How it Works
When using the LokutorVoiceAgentClient, the system is designed to handle this loop:
- User Speaks: Your application continues to stream audio input.
- VAD Detection: Our Voice Activity Detection (VAD) identifies that the user has started speaking.
- Interrupt Signal: The server immediately stops generating audio for the current response.
- Buffer Clearing: Your client application must clear its local playback buffer to stop the audio immediately.
Implementation Guide
Using the SDK (Recommended)
The Lokutor SDKs handle the interruption signal automatically at the protocol level. However, you must ensure your audio playback queue is cleared.Manual WebSocket Implementation
If you are communicating directly via WebSocket, you should listen for an interruption event:- Drop all chunks: Discard any binary chunks currently in your network buffer.

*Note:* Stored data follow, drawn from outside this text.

(* Assume $n > 3t+2d$. Then Algorithm 1 implements the MBRB abstraction, i.e. it satisfies MBRB-Validity, MBRB-No-duplication, MBRB-No-duplicity, MBRB-Local-delivery and MBRB-Global-delivery, with $\ell = c-d$. Moreover, if a correct process mbrb-broadcasts an app-message $m$ with sequence number $sn$, then at least $c-d$ correct processes mbrb-deliver $(m,sn)$ from it within 2 communication steps if $d < \frac{c-\lfloor (n+t)/2\rfloor}{\lfloor (n+t)/2\rfloor+1}$, and within 3 communication steps if $d < c-\sqrt{c\cdot\frac{n+t}{2}}$. Finally, the mbrb-broadcast of an app-message by a correct process entails the sending of at most $2n^2$ implementation messages by correct processes.
   Context: System model. There are $n$ asynchronous sequential processes $p_1,\dots,p_n$ with distinct identities $1,\dots,n$ known to all. Up to $t$ processes are Byzantine (they may behave arbitrarily and collude; a crash counts as a Byzantine failure); the others are correct. In a given execution, $c$ denotes the number of correct processes, so $n-t\le c\le n$. Processes communicate over a fully connected asynchronous point-to-point network that never corrupts, duplicates or creates messages. The operation ''broadcast $M$'' by a process means sending the implementation message (imp-message) $M$ to each of the $n$ processes (including itself); correct processes send only via this operation. A message adversary with parameter $d$, $0\le d<c$, may, for each broadcast by a correct process, suppress up to $d$ of the copies addressed to correct processes; all other copies sent between correct processes are eventually received. Digital signatures are unforgeable: each process has a key pair, all public keys and their owners are known, and only $p_k$ can produce a valid signature by $p_k$; a process produces at most one signature per signed item. MBRB abstraction. An application message (app-message) $m$ is mbrb-broadcast by $p_i$ with a sequence number $sn$ (invocation $\mathrm{mbrb\_broadcast}(m,sn)$); a correct process never uses the same sequence number twice. A process mbrb-delivers a triplet $(m,sn,j)$ meaning app-message $m$ from $p_j$ with sequence number $sn$. Properties: MBRB-Validity: if a correct process mbrb-delivers $m$ from a correct $p_j$ with sequence number $sn$, then $p_j$ mbrb-broadcast $m$ with sequence number $sn$. MBRB-No-duplication: a correct process mbrb-delivers at most one app-message from $p_j$ with sequence number $sn$. MBRB-No-duplicity: no two correct processes mbrb-deliver different app-messages from the same $p_i$ with the same $sn$. MBRB-Local-delivery: if a correct $p_i$ mbrb-broadcasts $m$ with $sn$, at least one correct process eventually mbrb-delivers $m$ from $p_i$ with $sn$. MBRB-Global-delivery (with parameter $\ell$): if a correct process mbrb-delivers $m$ from $p_j$ with $sn$, then at least $\ell$ correct processes mbrb-deliver $m$ from $p_j$ with $sn$. Algorithm 1 (code for $p_i$). Each process stores, for each triplet $(m,sn,j)$, a set of saved valid signatures of that triplet, at most one per signer. On $\mathrm{mbrb\_broadcast}(m,sn)$: $p_i$ saves its own signature of $(m,sn,i)$ and broadcasts $\mathrm{BUNDLE}(m,sn,i,S)$ where $S$ is the set of all saved signatures for $(m,sn,i)$. On receiving $\mathrm{BUNDLE}(m,sn,j,sigs)$: if $p_i$ has not already mbrb-delivered some triplet $(-,sn,j)$ and $sigs$ contains a valid signature of $(m,sn,j)$ by $p_j$, then: (1) $p_i$ saves all not-yet-saved valid signatures of $(m,sn,j)$ contained in $sigs$; (2) if $p_i$ has not yet signed any triplet $(-,sn,j)$, it saves its own signature of $(m,sn,j)$ and broadcasts $\mathrm{BUNDLE}(m,sn,j,\text{all saved signatures for }(m,sn,j))$; (3) if strictly more than $\frac{n+t}{2}$ signatures for $(m,sn,j)$ are saved, it broadcasts $\mathrm{BUNDLE}(m,sn,j,\text{all saved signatures for }(m,sn,j))$ and then mbrb-delivers $(m,sn,j)$. Time is measured in communication steps: local computation takes zero time and all imp-messages have the same transfer delay (one step). *)

(* Model of Algorithm 1 (signature-based MBRB) as a
   trace semantics: an execution is an infinite sequence of events. *)
From HB Require Import structures.
From mathcomp Require Import all_boot all_order all_algebra.
Set Implicit Arguments. Unset Strict Implicit. Unset Printing Implicit Defensive.
Import Order.TTheory GRing.Theory Num.Theory.

Section Model.
Variables (M : eqType) (n t : nat).

(* processes are 'I_n; a triplet (m, sn, j) = app-message m from p_j with
   sequence number sn. *)
Definition triplet := (M * nat * 'I_n)%type.
Definition tr_sn (x : triplet) : nat := x.1.2.
Definition tr_src (x : triplet) : 'I_n := x.2.

(* an (abstract, unforgeable) signature: (signer, signed triplet) *)
Definition signature := ('I_n * triplet)%type.

Inductive imsg := Bundle of M & nat & 'I_n & seq signature.
Definition bundle_tag (b : imsg) : nat * 'I_n :=
  let: Bundle _ sn j _ := b in (sn, j).
Definition bundle_sigs (b : imsg) : seq signature :=
  let: Bundle _ _ _ s := b in s.

Record lstate := LState {
  saved : seq signature;
  mysigs : seq triplet;
  delivered : seq triplet }.
Definition init_lstate := LState [::] [::] [::].

Definition sigs_for (st : lstate) (x : triplet) : seq signature :=
  [seq s <- saved st | s.2 == x].
Definition nsaved (st : lstate) (x : triplet) : nat :=
  #|[set k : 'I_n | (k, x) \in saved st]|.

- Kill Playback: Stop the current audio playback stream immediately.
Best Practices
- Latency is Key: The faster you detect the user’s voice and kill the agent’s playback, the more natural it feels. We recommend a local VAD (like Silero or WebRTC VAD) in addition to our server-side detection for the fastest possible response.
- Graceful Fade: instead of a hard cut, a very fast (50ms) linear volume fade-out can make the interruption feel less jarring to the user.